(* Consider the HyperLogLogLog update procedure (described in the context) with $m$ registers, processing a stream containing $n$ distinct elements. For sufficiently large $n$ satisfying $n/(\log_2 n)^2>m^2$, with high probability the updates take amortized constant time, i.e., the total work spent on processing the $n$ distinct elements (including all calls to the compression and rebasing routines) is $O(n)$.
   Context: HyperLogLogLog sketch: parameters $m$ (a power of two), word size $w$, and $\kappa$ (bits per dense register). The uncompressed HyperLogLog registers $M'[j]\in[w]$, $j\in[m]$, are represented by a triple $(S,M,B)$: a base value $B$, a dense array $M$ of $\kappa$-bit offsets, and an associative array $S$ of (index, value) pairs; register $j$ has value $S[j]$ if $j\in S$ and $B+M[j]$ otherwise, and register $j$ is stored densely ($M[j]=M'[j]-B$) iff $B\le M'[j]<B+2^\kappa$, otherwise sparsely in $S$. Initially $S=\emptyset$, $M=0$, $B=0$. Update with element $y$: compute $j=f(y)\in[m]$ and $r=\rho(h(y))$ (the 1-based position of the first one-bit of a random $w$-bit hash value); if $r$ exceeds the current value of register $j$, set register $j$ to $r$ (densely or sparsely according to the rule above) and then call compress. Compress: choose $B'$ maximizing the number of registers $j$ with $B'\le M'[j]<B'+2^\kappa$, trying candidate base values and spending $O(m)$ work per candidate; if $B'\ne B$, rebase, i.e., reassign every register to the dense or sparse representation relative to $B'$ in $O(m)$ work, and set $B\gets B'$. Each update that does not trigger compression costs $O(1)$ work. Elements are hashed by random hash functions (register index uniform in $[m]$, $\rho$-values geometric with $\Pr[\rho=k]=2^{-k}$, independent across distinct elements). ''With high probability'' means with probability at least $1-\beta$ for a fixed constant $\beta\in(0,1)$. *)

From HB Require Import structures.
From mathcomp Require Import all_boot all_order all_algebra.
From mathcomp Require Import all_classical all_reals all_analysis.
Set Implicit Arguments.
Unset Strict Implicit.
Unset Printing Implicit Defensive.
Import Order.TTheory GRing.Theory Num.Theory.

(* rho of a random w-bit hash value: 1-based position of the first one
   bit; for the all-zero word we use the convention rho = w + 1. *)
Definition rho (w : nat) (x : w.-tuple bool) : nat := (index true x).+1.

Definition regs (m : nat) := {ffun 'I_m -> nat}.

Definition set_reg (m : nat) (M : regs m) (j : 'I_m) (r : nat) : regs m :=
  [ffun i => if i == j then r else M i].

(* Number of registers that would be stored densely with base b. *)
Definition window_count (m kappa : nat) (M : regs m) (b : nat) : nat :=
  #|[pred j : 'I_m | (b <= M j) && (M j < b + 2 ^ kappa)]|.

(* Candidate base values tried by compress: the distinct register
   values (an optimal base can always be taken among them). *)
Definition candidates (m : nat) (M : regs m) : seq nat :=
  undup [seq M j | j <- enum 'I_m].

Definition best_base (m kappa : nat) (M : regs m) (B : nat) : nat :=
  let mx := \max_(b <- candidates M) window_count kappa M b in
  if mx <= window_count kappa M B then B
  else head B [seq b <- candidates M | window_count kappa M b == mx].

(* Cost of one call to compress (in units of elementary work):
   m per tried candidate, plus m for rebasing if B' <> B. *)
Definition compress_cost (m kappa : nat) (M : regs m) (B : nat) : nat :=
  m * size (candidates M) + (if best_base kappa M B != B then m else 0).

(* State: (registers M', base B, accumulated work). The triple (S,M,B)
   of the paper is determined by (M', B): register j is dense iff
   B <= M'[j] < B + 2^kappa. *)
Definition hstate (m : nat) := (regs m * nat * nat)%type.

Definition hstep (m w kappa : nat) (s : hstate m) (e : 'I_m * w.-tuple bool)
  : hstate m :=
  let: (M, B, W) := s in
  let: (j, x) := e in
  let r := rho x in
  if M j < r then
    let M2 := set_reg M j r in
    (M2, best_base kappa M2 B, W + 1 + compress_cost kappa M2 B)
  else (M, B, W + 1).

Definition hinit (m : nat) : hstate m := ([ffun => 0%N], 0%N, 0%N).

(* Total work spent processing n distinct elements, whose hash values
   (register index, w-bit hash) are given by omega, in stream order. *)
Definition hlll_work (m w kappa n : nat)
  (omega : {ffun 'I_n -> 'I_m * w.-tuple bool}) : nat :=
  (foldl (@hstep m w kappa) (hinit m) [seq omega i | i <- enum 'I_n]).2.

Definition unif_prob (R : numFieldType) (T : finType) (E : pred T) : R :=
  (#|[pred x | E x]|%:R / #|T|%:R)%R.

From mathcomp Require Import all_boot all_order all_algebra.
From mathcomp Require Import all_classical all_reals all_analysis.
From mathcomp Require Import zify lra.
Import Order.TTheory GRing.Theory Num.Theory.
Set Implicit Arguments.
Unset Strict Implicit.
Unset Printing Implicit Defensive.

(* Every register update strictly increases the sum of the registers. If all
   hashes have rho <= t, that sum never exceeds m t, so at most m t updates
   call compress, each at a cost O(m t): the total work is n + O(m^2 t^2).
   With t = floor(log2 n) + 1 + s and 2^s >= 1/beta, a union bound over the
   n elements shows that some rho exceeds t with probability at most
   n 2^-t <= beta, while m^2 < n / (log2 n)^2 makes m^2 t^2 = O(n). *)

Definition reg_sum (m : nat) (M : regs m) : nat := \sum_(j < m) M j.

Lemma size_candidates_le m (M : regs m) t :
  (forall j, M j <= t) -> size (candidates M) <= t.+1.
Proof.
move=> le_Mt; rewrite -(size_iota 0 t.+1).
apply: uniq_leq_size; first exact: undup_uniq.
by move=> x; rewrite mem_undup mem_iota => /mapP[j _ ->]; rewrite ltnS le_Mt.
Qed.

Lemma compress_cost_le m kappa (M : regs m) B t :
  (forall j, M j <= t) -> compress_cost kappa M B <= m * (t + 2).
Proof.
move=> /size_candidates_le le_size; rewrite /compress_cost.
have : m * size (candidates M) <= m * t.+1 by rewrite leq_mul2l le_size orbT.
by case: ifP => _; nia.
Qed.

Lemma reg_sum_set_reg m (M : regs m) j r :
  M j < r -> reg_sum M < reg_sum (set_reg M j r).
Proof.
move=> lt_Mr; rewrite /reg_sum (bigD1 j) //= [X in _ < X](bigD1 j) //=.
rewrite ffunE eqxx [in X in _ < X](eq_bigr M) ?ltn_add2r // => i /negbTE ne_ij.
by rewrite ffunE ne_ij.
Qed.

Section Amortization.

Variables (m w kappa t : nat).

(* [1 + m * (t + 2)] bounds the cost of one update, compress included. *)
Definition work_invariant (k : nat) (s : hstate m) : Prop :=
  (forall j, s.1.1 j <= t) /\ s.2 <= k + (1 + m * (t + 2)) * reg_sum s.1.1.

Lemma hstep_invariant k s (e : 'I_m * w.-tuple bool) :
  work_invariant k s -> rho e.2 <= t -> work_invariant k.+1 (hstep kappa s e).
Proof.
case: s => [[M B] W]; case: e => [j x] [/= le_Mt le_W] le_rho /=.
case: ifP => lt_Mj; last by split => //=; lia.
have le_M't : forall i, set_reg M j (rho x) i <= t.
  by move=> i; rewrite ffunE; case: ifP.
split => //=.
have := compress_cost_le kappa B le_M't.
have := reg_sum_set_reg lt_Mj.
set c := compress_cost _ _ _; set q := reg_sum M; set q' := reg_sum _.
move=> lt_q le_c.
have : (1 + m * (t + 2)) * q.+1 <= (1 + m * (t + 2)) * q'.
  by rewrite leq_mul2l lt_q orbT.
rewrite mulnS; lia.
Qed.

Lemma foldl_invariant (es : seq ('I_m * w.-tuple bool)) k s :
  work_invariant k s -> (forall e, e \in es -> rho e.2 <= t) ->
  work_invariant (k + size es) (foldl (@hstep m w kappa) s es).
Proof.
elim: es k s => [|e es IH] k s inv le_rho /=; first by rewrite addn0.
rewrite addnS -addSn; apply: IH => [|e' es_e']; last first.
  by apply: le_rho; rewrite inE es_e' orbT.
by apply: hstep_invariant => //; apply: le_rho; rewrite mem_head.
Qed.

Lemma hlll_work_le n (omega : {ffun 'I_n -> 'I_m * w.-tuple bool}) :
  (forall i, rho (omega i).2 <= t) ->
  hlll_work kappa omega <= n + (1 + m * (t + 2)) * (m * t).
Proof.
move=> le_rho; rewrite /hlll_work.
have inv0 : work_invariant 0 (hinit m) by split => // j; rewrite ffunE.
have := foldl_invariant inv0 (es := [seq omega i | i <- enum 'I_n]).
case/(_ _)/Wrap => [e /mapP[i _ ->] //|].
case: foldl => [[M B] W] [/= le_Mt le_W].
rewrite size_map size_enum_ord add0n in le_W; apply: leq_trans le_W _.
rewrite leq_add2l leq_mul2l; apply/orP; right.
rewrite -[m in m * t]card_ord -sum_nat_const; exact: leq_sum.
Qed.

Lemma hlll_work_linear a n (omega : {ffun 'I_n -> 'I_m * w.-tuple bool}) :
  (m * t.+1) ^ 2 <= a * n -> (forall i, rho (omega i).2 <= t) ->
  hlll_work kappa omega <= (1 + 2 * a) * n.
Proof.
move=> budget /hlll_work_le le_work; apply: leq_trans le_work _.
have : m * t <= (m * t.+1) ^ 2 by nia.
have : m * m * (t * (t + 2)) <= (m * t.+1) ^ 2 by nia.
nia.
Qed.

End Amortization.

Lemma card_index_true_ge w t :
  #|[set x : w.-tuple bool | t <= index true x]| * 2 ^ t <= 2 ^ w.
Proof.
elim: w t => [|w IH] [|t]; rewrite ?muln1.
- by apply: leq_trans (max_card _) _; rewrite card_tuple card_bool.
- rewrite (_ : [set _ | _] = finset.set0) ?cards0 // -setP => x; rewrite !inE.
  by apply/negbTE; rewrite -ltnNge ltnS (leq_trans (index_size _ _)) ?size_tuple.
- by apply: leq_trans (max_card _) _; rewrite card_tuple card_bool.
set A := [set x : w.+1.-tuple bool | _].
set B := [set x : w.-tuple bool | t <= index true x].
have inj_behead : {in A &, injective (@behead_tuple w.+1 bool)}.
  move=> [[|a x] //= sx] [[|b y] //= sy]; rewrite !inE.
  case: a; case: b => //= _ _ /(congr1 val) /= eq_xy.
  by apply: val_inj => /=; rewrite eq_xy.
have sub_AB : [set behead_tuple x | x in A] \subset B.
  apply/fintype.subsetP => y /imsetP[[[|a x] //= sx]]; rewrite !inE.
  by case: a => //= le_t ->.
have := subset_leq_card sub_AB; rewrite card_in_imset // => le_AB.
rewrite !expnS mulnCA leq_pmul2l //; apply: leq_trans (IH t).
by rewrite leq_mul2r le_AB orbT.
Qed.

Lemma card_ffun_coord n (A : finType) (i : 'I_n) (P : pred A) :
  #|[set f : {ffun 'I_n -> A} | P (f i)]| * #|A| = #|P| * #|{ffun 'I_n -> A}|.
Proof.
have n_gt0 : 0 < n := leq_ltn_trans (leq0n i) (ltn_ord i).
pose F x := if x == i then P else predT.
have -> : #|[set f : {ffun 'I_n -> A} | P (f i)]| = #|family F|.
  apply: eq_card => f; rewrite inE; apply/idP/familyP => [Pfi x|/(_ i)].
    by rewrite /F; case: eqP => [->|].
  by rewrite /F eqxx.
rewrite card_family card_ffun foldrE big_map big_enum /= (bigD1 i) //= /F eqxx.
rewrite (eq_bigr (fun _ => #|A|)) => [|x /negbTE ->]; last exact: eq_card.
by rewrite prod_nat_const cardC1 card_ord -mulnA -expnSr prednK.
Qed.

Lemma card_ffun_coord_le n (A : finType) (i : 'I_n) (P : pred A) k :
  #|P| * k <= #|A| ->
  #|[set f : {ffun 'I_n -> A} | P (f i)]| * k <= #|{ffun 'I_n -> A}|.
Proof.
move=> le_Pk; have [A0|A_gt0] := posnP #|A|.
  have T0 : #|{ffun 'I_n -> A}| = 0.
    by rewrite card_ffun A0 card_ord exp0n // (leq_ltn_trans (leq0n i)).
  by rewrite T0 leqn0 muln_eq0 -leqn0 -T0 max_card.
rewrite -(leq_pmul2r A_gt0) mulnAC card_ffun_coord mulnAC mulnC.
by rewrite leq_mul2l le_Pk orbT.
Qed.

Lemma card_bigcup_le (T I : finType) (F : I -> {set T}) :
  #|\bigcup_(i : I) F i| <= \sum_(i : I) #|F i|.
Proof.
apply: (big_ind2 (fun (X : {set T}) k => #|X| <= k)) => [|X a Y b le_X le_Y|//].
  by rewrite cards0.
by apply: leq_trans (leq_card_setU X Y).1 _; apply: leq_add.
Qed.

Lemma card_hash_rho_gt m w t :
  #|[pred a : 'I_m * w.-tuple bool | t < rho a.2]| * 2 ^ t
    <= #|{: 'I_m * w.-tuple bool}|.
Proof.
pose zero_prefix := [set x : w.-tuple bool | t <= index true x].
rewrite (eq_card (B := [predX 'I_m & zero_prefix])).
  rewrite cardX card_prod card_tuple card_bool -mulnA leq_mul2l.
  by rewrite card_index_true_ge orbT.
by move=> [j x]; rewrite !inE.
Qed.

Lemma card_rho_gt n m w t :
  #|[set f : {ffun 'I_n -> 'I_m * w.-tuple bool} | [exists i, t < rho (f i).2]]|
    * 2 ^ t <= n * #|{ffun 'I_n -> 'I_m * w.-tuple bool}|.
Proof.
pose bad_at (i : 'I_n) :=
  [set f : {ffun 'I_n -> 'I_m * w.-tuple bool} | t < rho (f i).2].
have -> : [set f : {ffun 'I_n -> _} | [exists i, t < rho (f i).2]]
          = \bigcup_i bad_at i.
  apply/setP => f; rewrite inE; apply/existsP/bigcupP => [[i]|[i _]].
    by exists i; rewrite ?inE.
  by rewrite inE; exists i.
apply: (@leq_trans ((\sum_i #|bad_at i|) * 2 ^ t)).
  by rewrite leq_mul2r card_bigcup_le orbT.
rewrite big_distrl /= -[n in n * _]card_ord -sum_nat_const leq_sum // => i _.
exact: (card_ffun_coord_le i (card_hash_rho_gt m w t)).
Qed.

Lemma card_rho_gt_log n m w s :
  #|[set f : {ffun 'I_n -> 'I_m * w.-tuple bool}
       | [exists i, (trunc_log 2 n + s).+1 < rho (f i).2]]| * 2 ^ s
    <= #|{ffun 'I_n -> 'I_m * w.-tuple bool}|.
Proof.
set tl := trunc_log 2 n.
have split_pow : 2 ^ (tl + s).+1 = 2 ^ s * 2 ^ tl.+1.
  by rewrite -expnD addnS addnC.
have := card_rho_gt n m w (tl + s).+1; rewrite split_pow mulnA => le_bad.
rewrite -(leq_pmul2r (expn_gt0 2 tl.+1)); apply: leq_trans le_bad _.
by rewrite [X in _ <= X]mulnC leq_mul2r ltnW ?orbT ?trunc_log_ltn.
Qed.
※ ※ ※
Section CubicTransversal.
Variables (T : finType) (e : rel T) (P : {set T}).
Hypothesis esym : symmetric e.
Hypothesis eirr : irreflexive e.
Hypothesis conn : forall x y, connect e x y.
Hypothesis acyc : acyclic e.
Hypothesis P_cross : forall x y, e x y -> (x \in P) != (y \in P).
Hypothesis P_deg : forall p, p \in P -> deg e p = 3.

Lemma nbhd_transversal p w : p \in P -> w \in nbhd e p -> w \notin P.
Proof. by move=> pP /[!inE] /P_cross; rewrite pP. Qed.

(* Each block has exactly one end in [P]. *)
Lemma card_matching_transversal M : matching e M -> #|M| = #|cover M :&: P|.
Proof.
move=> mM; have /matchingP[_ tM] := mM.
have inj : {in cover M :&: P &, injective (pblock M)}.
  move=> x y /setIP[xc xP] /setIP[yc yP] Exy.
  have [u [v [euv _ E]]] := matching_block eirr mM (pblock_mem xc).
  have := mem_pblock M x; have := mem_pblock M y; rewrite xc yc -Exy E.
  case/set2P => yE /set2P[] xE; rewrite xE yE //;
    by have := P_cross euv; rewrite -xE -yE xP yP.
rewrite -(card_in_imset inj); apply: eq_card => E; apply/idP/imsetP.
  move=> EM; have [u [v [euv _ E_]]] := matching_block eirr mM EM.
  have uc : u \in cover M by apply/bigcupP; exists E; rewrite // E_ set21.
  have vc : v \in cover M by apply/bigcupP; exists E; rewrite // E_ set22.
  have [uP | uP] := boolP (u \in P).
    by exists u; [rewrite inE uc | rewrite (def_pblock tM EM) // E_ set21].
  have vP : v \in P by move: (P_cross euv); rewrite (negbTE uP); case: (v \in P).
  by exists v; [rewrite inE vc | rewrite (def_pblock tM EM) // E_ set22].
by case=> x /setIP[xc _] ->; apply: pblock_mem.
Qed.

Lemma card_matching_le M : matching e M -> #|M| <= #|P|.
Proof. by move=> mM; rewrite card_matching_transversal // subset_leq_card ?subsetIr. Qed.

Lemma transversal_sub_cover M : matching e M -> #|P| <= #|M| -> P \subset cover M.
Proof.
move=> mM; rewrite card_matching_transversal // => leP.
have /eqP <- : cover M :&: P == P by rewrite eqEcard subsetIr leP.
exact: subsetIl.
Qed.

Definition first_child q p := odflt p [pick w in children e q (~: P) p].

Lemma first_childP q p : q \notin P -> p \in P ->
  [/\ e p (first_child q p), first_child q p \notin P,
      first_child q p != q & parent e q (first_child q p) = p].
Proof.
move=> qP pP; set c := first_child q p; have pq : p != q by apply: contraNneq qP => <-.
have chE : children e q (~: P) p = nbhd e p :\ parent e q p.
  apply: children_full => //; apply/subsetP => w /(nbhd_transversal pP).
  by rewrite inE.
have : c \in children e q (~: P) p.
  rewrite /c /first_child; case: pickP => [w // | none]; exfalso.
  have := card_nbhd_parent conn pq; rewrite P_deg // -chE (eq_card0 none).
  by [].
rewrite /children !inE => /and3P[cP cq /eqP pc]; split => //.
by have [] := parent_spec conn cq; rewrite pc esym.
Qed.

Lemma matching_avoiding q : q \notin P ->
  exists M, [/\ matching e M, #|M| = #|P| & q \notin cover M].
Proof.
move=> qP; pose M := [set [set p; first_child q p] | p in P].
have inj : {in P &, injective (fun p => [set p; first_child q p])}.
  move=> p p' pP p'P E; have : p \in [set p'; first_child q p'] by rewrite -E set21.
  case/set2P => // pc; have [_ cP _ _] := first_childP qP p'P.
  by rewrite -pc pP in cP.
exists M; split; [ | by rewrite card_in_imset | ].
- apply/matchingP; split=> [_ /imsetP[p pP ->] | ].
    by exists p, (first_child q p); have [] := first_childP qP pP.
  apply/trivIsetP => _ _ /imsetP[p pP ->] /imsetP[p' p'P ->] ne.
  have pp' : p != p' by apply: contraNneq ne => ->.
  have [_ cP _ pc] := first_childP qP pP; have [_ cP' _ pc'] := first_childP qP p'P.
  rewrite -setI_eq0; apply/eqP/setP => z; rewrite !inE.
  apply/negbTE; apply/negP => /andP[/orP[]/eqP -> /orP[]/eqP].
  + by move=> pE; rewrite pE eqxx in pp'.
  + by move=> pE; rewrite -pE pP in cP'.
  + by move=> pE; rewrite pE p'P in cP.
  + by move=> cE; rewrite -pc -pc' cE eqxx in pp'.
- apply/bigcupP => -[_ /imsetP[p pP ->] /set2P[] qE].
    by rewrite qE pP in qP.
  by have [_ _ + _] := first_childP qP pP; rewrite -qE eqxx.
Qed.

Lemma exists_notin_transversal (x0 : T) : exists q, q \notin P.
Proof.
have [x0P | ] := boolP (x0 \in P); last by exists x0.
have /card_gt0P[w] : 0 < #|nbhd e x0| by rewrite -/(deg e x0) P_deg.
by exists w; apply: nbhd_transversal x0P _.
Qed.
※ ※ ※
Would you retype exactly the lines above, from the line with "have : c \in children e q (~: P) p." to the line with "have pp' : p", with both end lines kept and nothing more?

*Reply to the task*:
have : c \in children e q (~: P) p.
  rewrite /c /first_child; case: pickP => [w // | none]; exfalso.
  have := card_nbhd_parent conn pq; rewrite P_deg // -chE (eq_card0 none).
  by [].
rewrite /children !inE => /and3P[cP cq /eqP pc]; split => //.
by have [] := parent_spec conn cq; rewrite pc esym.
Qed.

Lemma matching_avoiding q : q \notin P ->
  exists M, [/\ matching e M, #|M| = #|P| & q \notin cover M].
Proof.
move=> qP; pose M := [set [set p; first_child q p] | p in P].
have inj : {in P &, injective (fun p => [set p; first_child q p])}.
  move=> p p' pP p'P E; have : p \in [set p'; first_child q p'] by rewrite -E set21.
  case/set2P => // pc; have [_ cP _ _] := first_childP qP p'P.
  by rewrite -pc pP in cP.
exists M; split; [ | by rewrite card_in_imset | ].
- apply/matchingP; split=> [_ /imsetP[p pP ->] | ].
    by exists p, (first_child q p); have [] := first_childP qP pP.
  apply/trivIsetP => _ _ /imsetP[p pP ->] /imsetP[p' p'P ->] ne.
  have pp' : p != p' by apply: contraNneq ne => ->.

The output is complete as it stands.